======== RECORD EXTRACTS

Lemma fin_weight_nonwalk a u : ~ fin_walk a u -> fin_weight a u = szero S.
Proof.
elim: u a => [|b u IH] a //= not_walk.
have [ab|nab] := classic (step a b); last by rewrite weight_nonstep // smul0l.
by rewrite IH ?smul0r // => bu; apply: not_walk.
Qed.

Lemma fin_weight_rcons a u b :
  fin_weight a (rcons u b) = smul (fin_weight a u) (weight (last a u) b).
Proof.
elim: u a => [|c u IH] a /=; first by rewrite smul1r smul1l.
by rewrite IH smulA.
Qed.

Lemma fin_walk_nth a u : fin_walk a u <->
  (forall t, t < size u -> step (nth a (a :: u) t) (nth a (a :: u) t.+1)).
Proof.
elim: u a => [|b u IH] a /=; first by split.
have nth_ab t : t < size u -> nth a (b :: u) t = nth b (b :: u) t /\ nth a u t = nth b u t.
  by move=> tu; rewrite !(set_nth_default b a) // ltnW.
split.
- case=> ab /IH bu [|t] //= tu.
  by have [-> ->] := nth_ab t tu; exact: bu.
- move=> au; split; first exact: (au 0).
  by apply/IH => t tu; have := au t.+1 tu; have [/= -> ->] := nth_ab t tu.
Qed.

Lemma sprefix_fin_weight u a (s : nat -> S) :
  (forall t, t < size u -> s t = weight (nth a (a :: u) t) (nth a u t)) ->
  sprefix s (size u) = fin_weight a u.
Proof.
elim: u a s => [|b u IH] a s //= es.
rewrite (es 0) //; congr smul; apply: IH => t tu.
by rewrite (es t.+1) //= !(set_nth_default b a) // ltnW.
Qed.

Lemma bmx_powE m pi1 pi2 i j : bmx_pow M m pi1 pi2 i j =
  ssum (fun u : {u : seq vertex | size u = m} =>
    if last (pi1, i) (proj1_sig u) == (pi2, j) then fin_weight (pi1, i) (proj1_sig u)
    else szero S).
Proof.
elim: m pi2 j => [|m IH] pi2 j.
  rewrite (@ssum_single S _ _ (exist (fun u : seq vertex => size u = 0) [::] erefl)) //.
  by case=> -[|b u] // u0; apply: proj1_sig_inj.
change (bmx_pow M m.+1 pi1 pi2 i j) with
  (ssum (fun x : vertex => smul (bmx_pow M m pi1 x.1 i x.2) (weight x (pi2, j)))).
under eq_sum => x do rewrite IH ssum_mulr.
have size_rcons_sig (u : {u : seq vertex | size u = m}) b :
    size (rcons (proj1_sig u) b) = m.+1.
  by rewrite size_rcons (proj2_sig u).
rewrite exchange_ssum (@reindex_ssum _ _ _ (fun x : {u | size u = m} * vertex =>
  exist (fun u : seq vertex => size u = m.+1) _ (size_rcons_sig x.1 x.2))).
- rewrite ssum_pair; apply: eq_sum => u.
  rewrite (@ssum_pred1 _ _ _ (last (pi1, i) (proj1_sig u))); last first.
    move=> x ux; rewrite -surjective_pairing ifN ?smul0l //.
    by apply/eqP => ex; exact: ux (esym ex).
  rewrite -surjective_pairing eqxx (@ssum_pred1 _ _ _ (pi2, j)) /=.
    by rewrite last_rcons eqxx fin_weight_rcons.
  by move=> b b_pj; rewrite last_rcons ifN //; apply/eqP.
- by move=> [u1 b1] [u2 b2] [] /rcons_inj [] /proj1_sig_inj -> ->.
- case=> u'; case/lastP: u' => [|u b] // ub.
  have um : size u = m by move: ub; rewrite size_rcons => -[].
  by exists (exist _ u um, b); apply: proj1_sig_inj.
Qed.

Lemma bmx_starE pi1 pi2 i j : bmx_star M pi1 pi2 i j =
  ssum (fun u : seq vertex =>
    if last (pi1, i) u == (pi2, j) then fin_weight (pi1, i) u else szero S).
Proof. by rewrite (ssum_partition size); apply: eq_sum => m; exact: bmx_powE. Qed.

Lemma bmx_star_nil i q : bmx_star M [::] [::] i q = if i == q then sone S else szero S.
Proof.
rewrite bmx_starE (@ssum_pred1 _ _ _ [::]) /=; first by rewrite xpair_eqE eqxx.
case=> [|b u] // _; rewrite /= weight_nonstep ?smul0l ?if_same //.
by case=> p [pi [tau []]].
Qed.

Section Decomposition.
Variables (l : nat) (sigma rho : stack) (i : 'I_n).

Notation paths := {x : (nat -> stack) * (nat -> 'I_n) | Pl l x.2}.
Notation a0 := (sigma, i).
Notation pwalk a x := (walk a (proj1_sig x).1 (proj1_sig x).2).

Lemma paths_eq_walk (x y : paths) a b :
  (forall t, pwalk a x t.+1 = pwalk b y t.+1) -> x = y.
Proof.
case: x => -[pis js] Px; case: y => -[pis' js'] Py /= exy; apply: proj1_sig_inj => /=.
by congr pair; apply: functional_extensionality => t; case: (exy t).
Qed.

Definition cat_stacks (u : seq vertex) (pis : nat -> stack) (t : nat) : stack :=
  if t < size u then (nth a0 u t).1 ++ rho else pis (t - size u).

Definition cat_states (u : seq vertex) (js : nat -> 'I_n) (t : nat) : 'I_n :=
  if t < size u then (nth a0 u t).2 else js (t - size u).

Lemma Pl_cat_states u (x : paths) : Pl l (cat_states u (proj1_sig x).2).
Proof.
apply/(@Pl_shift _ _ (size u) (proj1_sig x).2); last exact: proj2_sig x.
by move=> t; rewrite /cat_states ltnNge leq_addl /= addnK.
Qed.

================
======== RECORD EXTRACTS

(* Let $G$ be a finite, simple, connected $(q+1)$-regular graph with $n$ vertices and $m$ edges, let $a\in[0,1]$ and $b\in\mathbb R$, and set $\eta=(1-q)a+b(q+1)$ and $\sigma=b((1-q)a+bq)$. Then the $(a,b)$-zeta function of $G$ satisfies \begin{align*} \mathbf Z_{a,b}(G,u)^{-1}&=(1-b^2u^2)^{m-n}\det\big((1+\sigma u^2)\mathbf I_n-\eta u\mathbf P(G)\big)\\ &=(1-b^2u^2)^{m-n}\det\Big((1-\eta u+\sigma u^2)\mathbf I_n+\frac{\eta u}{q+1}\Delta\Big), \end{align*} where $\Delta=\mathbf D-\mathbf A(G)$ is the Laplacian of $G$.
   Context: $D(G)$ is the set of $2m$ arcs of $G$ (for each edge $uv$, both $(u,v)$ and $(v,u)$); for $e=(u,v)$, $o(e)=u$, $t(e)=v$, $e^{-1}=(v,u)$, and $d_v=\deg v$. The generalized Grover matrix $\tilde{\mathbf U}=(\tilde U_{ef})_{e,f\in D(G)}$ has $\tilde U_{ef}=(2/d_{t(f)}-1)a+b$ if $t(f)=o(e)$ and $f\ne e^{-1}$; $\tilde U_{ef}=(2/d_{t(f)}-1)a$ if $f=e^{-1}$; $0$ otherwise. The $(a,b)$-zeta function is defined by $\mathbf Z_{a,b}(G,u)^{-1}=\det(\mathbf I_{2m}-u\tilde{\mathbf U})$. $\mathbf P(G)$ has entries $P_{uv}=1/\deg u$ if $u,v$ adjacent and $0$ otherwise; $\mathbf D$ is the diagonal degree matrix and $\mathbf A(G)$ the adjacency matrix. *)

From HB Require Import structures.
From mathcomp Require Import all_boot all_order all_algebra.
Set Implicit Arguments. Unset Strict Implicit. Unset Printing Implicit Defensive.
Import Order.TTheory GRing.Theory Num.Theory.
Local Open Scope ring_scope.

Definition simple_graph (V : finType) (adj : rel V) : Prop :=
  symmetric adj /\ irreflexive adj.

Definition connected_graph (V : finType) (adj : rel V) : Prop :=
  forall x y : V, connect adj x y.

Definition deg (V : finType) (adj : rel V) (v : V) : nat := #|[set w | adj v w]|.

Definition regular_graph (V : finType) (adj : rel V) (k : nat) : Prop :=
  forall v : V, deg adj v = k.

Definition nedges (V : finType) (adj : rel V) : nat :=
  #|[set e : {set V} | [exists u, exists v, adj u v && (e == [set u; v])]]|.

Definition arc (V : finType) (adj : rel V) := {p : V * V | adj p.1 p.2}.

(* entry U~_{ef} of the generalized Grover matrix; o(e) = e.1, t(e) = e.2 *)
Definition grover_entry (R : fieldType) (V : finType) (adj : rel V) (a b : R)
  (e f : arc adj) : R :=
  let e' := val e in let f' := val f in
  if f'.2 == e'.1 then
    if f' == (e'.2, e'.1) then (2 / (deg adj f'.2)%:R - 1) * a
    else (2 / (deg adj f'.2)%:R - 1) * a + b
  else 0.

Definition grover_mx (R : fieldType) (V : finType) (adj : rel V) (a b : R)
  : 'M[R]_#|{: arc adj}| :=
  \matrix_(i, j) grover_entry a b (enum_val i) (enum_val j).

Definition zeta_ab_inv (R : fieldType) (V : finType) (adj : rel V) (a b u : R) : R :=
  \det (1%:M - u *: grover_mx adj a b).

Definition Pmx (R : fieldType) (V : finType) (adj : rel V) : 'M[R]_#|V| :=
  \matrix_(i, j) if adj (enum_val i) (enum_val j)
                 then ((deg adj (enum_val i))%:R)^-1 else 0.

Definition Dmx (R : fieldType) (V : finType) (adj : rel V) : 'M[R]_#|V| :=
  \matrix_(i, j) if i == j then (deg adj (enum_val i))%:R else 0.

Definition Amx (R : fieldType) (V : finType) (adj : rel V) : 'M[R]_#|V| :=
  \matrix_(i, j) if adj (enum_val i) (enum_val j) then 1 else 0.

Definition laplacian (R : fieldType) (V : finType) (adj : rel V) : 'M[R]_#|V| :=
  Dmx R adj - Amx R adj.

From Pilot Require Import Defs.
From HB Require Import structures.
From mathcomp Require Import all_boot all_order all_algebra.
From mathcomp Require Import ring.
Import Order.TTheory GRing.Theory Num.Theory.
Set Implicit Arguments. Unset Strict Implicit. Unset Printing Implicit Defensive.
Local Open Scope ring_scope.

================
======== RECORD EXTRACTS

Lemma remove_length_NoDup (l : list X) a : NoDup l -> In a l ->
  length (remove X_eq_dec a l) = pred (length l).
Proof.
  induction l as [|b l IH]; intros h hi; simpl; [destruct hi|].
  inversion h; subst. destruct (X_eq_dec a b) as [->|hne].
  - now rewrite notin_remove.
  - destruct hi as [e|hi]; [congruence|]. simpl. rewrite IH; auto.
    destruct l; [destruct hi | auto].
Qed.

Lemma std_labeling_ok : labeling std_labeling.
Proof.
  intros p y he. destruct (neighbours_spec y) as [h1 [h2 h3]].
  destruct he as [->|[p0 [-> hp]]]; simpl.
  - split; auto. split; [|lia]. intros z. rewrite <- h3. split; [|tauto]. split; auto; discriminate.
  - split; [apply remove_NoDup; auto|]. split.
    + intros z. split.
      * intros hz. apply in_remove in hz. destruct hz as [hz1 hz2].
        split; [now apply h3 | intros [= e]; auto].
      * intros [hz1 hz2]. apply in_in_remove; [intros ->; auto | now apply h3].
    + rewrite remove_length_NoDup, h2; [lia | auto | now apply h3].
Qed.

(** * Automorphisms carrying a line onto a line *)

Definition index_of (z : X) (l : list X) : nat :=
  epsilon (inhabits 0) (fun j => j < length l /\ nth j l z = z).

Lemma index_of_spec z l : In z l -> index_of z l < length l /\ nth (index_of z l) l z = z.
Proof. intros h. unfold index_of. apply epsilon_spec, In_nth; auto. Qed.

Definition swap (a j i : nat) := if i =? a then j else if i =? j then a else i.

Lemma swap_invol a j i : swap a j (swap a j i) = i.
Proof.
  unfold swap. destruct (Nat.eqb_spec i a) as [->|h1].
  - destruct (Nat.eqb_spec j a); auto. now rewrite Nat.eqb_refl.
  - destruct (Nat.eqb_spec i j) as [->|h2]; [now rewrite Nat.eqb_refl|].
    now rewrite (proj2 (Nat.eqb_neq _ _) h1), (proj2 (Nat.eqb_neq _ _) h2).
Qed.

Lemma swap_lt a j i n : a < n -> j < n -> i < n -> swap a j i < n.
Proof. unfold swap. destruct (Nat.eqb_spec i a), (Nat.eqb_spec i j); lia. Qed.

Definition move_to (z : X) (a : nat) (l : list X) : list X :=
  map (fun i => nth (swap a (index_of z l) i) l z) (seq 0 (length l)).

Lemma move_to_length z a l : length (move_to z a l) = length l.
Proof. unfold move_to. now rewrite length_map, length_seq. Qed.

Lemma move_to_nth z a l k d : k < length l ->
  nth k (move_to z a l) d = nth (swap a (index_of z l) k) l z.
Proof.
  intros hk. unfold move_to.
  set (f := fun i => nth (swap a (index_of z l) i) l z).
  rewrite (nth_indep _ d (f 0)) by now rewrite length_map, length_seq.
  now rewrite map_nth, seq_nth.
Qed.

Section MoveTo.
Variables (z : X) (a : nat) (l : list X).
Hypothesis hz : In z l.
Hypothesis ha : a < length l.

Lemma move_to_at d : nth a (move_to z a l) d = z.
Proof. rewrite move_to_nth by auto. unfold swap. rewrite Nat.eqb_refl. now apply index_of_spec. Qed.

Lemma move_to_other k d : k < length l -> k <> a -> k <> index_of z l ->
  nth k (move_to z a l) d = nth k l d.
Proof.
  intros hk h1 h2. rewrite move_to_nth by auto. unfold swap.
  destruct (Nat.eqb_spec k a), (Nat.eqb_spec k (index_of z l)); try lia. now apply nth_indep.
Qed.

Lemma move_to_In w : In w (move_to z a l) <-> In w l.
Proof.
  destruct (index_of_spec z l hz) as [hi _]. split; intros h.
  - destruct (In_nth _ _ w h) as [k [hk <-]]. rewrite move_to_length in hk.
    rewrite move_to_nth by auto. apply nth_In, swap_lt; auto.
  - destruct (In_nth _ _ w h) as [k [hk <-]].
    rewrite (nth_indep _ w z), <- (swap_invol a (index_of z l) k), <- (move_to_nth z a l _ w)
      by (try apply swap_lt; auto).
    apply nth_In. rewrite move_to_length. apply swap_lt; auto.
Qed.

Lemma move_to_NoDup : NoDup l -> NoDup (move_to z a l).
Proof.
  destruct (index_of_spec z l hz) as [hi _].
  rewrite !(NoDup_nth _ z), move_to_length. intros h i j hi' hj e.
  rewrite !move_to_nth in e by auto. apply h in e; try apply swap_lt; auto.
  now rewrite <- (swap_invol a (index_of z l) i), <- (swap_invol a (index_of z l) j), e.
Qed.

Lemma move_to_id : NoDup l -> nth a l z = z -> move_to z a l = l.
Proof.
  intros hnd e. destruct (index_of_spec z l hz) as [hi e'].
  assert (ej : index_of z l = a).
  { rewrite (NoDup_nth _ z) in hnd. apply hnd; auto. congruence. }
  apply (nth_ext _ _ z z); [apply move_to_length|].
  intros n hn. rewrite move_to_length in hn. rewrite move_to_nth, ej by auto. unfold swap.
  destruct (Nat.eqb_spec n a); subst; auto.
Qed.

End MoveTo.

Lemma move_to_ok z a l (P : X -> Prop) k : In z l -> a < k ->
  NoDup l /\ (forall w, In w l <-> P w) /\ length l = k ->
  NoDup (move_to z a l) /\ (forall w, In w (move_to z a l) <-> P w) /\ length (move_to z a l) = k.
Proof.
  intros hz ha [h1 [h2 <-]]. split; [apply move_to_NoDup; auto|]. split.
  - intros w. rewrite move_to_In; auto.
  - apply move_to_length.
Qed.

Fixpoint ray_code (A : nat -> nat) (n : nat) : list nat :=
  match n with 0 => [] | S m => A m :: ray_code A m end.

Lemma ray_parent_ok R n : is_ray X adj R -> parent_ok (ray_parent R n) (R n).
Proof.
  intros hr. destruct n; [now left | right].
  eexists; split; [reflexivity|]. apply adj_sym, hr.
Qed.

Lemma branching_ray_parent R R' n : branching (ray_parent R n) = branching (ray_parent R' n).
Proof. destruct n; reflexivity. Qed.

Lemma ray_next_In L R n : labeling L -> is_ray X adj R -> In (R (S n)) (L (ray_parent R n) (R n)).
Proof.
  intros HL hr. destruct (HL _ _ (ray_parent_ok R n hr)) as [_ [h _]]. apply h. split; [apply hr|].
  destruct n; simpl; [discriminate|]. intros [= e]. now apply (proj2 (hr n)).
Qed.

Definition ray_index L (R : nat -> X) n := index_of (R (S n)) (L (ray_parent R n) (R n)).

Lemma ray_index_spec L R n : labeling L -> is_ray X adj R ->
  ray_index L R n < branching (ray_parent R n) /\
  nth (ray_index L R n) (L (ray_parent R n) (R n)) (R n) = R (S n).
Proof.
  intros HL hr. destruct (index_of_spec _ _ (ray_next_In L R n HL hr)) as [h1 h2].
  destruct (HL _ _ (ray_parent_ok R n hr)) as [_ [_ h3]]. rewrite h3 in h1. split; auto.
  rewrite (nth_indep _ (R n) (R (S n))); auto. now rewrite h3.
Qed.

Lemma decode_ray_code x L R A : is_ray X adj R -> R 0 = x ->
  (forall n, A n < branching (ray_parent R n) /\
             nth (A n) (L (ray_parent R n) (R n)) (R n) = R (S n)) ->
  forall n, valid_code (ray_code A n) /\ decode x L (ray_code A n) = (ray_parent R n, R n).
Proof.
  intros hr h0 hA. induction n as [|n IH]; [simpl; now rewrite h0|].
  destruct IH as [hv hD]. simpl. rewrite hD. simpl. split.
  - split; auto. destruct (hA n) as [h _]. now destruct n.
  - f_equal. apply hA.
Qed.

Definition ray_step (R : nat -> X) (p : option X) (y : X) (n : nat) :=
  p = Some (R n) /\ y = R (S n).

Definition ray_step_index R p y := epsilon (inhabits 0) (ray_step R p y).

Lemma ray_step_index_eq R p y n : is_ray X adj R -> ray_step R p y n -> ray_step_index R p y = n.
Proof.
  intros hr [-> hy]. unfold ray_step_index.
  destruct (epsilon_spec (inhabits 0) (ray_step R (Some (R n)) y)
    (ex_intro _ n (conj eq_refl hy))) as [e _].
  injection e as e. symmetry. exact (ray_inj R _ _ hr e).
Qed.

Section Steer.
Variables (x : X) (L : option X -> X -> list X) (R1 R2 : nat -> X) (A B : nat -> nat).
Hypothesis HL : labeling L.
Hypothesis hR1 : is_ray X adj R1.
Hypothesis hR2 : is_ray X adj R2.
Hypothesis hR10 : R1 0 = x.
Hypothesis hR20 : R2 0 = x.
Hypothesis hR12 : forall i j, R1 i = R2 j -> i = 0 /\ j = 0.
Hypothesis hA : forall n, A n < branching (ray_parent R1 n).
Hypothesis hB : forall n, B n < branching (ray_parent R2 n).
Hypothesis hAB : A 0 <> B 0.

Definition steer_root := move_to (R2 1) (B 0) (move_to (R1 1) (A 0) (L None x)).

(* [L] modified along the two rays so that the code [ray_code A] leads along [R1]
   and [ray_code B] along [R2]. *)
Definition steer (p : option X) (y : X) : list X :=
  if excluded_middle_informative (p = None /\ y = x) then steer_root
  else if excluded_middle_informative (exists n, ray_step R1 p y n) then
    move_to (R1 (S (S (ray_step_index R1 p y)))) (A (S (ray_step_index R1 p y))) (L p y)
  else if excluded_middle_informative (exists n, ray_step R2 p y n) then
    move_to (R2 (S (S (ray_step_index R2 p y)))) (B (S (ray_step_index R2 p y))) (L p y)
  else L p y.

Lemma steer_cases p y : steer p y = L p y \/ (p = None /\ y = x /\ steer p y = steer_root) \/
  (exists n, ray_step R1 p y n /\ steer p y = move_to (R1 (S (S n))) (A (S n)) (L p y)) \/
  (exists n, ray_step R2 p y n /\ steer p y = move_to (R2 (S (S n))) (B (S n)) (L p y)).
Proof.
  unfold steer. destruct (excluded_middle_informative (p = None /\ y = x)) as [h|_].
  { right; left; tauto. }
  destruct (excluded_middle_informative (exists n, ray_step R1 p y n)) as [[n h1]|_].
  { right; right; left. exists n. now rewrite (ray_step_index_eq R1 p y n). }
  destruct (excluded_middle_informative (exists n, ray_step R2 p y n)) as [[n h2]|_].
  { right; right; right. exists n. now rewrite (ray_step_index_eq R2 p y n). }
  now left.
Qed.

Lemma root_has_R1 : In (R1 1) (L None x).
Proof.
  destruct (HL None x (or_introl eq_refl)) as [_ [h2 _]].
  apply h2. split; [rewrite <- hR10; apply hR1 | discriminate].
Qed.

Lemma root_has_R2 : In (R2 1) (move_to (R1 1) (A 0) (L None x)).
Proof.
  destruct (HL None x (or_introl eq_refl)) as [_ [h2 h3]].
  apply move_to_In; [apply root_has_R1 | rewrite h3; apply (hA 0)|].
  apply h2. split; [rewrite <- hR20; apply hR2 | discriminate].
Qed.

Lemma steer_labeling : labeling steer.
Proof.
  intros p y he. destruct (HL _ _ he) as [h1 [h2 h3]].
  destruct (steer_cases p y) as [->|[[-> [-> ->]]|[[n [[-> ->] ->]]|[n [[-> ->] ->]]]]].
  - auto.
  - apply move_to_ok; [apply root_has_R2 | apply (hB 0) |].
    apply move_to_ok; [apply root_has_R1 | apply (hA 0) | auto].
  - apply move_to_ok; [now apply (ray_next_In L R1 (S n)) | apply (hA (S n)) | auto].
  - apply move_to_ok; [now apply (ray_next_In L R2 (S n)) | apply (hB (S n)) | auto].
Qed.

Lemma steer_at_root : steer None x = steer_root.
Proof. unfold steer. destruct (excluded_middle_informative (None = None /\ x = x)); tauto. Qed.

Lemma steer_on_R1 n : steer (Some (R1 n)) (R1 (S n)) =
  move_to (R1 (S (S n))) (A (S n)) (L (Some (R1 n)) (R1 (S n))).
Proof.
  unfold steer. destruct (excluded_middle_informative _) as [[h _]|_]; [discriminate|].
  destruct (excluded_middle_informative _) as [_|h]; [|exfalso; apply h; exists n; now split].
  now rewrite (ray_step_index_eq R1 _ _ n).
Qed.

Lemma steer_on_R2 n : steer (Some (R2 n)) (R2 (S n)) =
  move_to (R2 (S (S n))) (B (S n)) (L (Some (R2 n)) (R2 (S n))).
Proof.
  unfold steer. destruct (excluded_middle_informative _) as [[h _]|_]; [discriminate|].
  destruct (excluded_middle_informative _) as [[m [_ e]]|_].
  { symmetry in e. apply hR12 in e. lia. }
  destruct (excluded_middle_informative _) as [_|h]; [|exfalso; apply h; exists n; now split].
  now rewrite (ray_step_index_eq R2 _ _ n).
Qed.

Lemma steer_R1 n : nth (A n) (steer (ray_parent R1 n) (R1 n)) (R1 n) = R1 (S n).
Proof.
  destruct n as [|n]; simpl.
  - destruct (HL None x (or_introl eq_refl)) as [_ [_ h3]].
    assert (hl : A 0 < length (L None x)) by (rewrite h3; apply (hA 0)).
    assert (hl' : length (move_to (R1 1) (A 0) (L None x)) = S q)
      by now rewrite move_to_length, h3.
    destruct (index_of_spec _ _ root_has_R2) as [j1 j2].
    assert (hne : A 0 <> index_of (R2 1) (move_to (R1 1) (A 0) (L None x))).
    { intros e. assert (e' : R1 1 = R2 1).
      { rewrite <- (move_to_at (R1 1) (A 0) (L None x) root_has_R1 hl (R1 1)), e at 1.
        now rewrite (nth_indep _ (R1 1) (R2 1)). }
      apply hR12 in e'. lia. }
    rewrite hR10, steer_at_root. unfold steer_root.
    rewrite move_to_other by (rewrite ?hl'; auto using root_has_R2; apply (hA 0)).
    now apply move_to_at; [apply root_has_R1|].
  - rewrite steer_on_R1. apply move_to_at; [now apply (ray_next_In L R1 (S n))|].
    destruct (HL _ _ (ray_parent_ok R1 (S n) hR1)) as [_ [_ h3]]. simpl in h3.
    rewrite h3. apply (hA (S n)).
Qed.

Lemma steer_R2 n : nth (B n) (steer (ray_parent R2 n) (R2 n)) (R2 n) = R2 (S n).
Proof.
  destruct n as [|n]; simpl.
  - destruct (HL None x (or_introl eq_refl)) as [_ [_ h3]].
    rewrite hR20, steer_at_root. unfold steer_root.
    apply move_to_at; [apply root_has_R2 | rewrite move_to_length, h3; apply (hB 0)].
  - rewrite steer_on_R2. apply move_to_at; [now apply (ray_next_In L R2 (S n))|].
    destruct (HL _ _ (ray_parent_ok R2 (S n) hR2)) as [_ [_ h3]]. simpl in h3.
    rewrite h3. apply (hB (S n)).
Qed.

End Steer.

================

Using the records above, write out exactly the lines between the one holding "by rewrite last_rcons" and the one holding "Definition cat_stacks (u", inclusive; leave everything else out.

    by rewrite last_rcons eqxx fin_weight_rcons.
  by move=> b b_pj; rewrite last_rcons ifN //; apply/eqP.
- by move=> [u1 b1] [u2 b2] [] /rcons_inj [] /proj1_sig_inj -> ->.
- case=> u'; case/lastP: u' => [|u b] // ub.
  have um : size u = m by move: ub; rewrite size_rcons => -[].
  by exists (exist _ u um, b); apply: proj1_sig_inj.
Qed.

Lemma bmx_starE pi1 pi2 i j : bmx_star M pi1 pi2 i j =
  ssum (fun u : seq vertex =>
    if last (pi1, i) u == (pi2, j) then fin_weight (pi1, i) u else szero S).
Proof. by rewrite (ssum_partition size); apply: eq_sum => m; exact: bmx_powE. Qed.

Lemma bmx_star_nil i q : bmx_star M [::] [::] i q = if i == q then sone S else szero S.
Proof.
rewrite bmx_starE (@ssum_pred1 _ _ _ [::]) /=; first by rewrite xpair_eqE eqxx.
case=> [|b u] // _; rewrite /= weight_nonstep ?smul0l ?if_same //.
by case=> p [pi [tau []]].
Qed.

Section Decomposition.
Variables (l : nat) (sigma rho : stack) (i : 'I_n).

Notation paths := {x : (nat -> stack) * (nat -> 'I_n) | Pl l x.2}.
Notation a0 := (sigma, i).
Notation pwalk a x := (walk a (proj1_sig x).1 (proj1_sig x).2).

Lemma paths_eq_walk (x y : paths) a b :
  (forall t, pwalk a x t.+1 = pwalk b y t.+1) -> x = y.
Proof.
case: x => -[pis js] Px; case: y => -[pis' js'] Py /= exy; apply: proj1_sig_inj => /=.
by congr pair; apply: functional_extensionality => t; case: (exy t).
Qed.

Definition cat_stacks (u : seq vertex) (pis : nat -> stack) (t : nat) : stack :=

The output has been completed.